The Arg90 of APRin also interacts with many APR residues, as shown in Fig. 8a. Among the APR residues, negatively charged Asp196, Asp201, and Glu218 interact strongly with the positively charged Arg90 of APRin. Although these residues exist a significant distance from Arg90, as shown in Fig. 8b, long-range electrostatic interactions occur via the charged groups of these charged residues. Accordingly, our present ab initio FMO calculations elucidate that the charged residues of APR contribute significantly to the specific interactions between APR and the charged Arg83 and Arg90 residues of APRin, as indicated in Figs. 7 and 8.
It was elucidated from the present FMO study that the Ser1, Ser2, Arg83, and Arg90 of APRin are the main contributors to the interactions between APRin and APR. In particular, Fig. 4 indicates that the Ser1 at the N-terminal of APRin interacts strongly with the Zn group of APR, playing an important role in the interaction. In a previous experiment [5], the six residues at the N-terminal of APRin were found to be necessary to the inhibitory effect of APRin against APR. Our present FMO calculations highlight that among the six residues, Ser1 and Ser2 are particularly important for strong binding to APR. In addition, the charged Arg83 and Arg90 residues of APRin were found to contribute to the binding between APRin and APR. These facts became evident after investigating the electronic properties of the APR + APRin complex using the ab initio FMO method.
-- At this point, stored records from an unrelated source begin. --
(* Let $X$ be a topological space in which every open set is a union of countably many clopen sets. The following are equivalent: (1) $X$ is a $\overline{\mathrm{QN}}$ space; (2) $X$ is a QN space; (3) every sequence of Borel real-valued functions on $X$ converging pointwise to $0$ converges to $0$ quasi-normally; (4) every sequence of Borel real-valued functions on $X$ converging pointwise to a function $f$ converges quasi-normally to $f$.
   Context: Functions $f_n:X\to\mathbb{R}$ converge quasi-normally to $f$ if there are positive reals $\epsilon_n\to0$ such that for each $x\in X$, $|f_n(x)-f(x)|<\epsilon_n$ for all but finitely many $n$. $X$ is a QN space if every sequence of continuous real-valued functions on $X$ converging pointwise to $0$ converges to $0$ quasi-normally. $X$ is a $\overline{\mathrm{QN}}$ space if whenever a sequence of continuous real-valued functions on $X$ converges pointwise to a function $f:X\to\mathbb{R}$ (not assumed continuous), it converges to $f$ quasi-normally. *)

From Stdlib Require Import Reals.
Open Scope R_scope.

Record topology (X : Type) := {
  is_open : (X -> Prop) -> Prop;
  open_full : is_open (fun _ => True);
  open_empty : is_open (fun _ => False);
  open_inter : forall U V, is_open U -> is_open V -> is_open (fun x => U x /\ V x);
  open_union : forall (I : Type) (F : I -> X -> Prop),
      (forall i, is_open (F i)) -> is_open (fun x => exists i, F i x)
}.
Arguments is_open {X} _ _.

Definition clopen {X : Type} (T : topology X) (U : X -> Prop) : Prop :=
  is_open T U /\ is_open T (fun x => ~ U x).

Definition open_countable_union_clopen {X : Type} (T : topology X) : Prop :=
  forall U, is_open T U ->
    exists C : nat -> X -> Prop,
      (forall n, clopen T (C n)) /\ (forall x, U x <-> exists n, C n x).

Definition continuous_fun {X : Type} (T : topology X) (f : X -> R) : Prop :=
  forall V : R -> Prop, open_set V -> is_open T (fun x => V (f x)).

Definition borel_set {X : Type} (T : topology X) (A : X -> Prop) : Prop :=
  forall S : (X -> Prop) -> Prop,
    (forall U, is_open T U -> S U) ->
    (forall B, S B -> S (fun x => ~ B x)) ->
    (forall Bn : nat -> X -> Prop, (forall n, S (Bn n)) -> S (fun x => exists n, Bn n x)) ->
    S A.

Definition borel_fun {X : Type} (T : topology X) (f : X -> R) : Prop :=
  forall V : R -> Prop, open_set V -> borel_set T (fun x => V (f x)).

Definition pointwise_cv {X : Type} (fn : nat -> X -> R) (f : X -> R) : Prop :=
  forall x, Un_cv (fun n => fn n x) (f x).

Definition quasi_normal_cv {X : Type} (fn : nat -> X -> R) (f : X -> R) : Prop :=
  exists eps : nat -> R,
    (forall n, 0 < eps n) /\ Un_cv eps 0 /\
    forall x, exists N : nat, forall n, (N <= n)%nat -> Rabs (fn n x - f x) < eps n.

Definition QN_space {X : Type} (T : topology X) : Prop :=
  forall fn : nat -> X -> R, (forall n, continuous_fun T (fn n)) ->
    pointwise_cv fn (fun _ => 0) -> quasi_normal_cv fn (fun _ => 0).

Definition QNbar_space {X : Type} (T : topology X) : Prop :=
  forall (fn : nat -> X -> R) (f : X -> R), (forall n, continuous_fun T (fn n)) ->
    pointwise_cv fn f -> quasi_normal_cv fn f.

Definition borel_QN {X : Type} (T : topology X) : Prop :=
  forall fn : nat -> X -> R, (forall n, borel_fun T (fn n)) ->
    pointwise_cv fn (fun _ => 0) -> quasi_normal_cv fn (fun _ => 0).

Definition borel_QNbar {X : Type} (T : topology X) : Prop :=
  forall (fn : nat -> X -> R) (f : X -> R), (forall n, borel_fun T (fn n)) ->
    pointwise_cv fn f -> quasi_normal_cv fn f.

From Stdlib Require Import Reals Lra Lia.
From Stdlib Require Import Classical ClassicalEpsilon FunctionalExtensionality PropExtensionality.
From Stdlib Require Import ZArith.
From Stdlib Require Cantor.
Open Scope R_scope.

(* Continuous functions are Borel, so the only real implication is (2) => (4).
   Call a set a clopen limit if it is the pointwise limit of a sequence of clopen sets.
   Under the hypothesis on X every open set is a clopen limit, complements are free, and
   QN is exactly what is needed to close clopen limits under countable unions: a sequence
   of clopen approximations can be synchronised by a single threshold function, which is
   extracted from the quasi-normal convergence to 0 of the continuous functions
   x |-> max {1/(k+1) | k <= i, x in W k i}.  Hence every Borel set is a clopen limit.
   Given Borel f_n -> f, the events "f_i is not 1/(k+1)-stable after time i" are clopen
   limits that every point eventually escapes; the same threshold argument bounds
   |f_i x - f x| by 1/(k+1) for i beyond a threshold t k that does not depend on x, and
   such a threshold is equivalent to quasi-normal convergence. *)

Lemma inv_INR_S_pos (k : nat) : 0 < / INR (S k).
Proof. apply Rinv_0_lt_compat, lt_0_INR; lia. Qed.

Lemma inv_INR_S_le (k m : nat) : (k <= m)%nat -> / INR (S m) <= / INR (S k).
Proof. intro H. apply Rinv_le_contravar; [apply lt_0_INR; lia | apply le_INR; lia]. Qed.

Lemma eventually_forall_le (P : nat -> nat -> Prop) :
  (forall k, exists M, forall i, (M <= i)%nat -> P k i) ->
  forall K, exists I, forall k, (k <= K)%nat -> forall i, (I <= i)%nat -> P k i.
Proof.
  intros H K; induction K as [|K [I HI]].
  - destruct (H 0%nat) as [M HM]. exists M. intros k Hk i Hi.
    replace k with 0%nat by lia; auto.
  - destruct (H (S K)) as [M HM]. exists (Nat.max I M). intros k Hk i Hi.
    destruct (Nat.eq_dec k (S K)) as [->|Hne]; [apply HM | apply HI]; lia.
Qed.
The main aim of our work is to obtain small molecular inhibitors of APR, and the present FMO results are important guidelines for that. Based on the total IFIEs for each of the APRin residues shown in Fig. 4, it is possible to suggest a number of small peptides as putative inhibitors. A dipeptide consisting of Ser1 and Ser2 would be the smallest possible peptide inhibitor. However, a previous structural and mutational study [6] revealed that a peptide consisting of the first five N-terminal residues (Ser1-Ser2-Lue3-Ile4-Leu5) of APRin did not inhibit the APR activity, indicating that the peptide did not obtain a proper orientation at the APR active site for inhibiting the enzyme. This result indicates the importance of the APRin main body for guiding the N-terminus to the active-site cleft of APR. In the present study, the positively charged Arg83 and Arg90 residues of APRin were found to interact strongly with many charged residues of APR, as shown in Figs. 7 and 8. Therefore, there is a possibility that these residues may act as anchor sites for proper orientation of the N-terminal residues within the APR active site. Studies are now underway to optimize the structures of our proposed molecules and investigate their binding properties to APR. The results will be published elsewhere.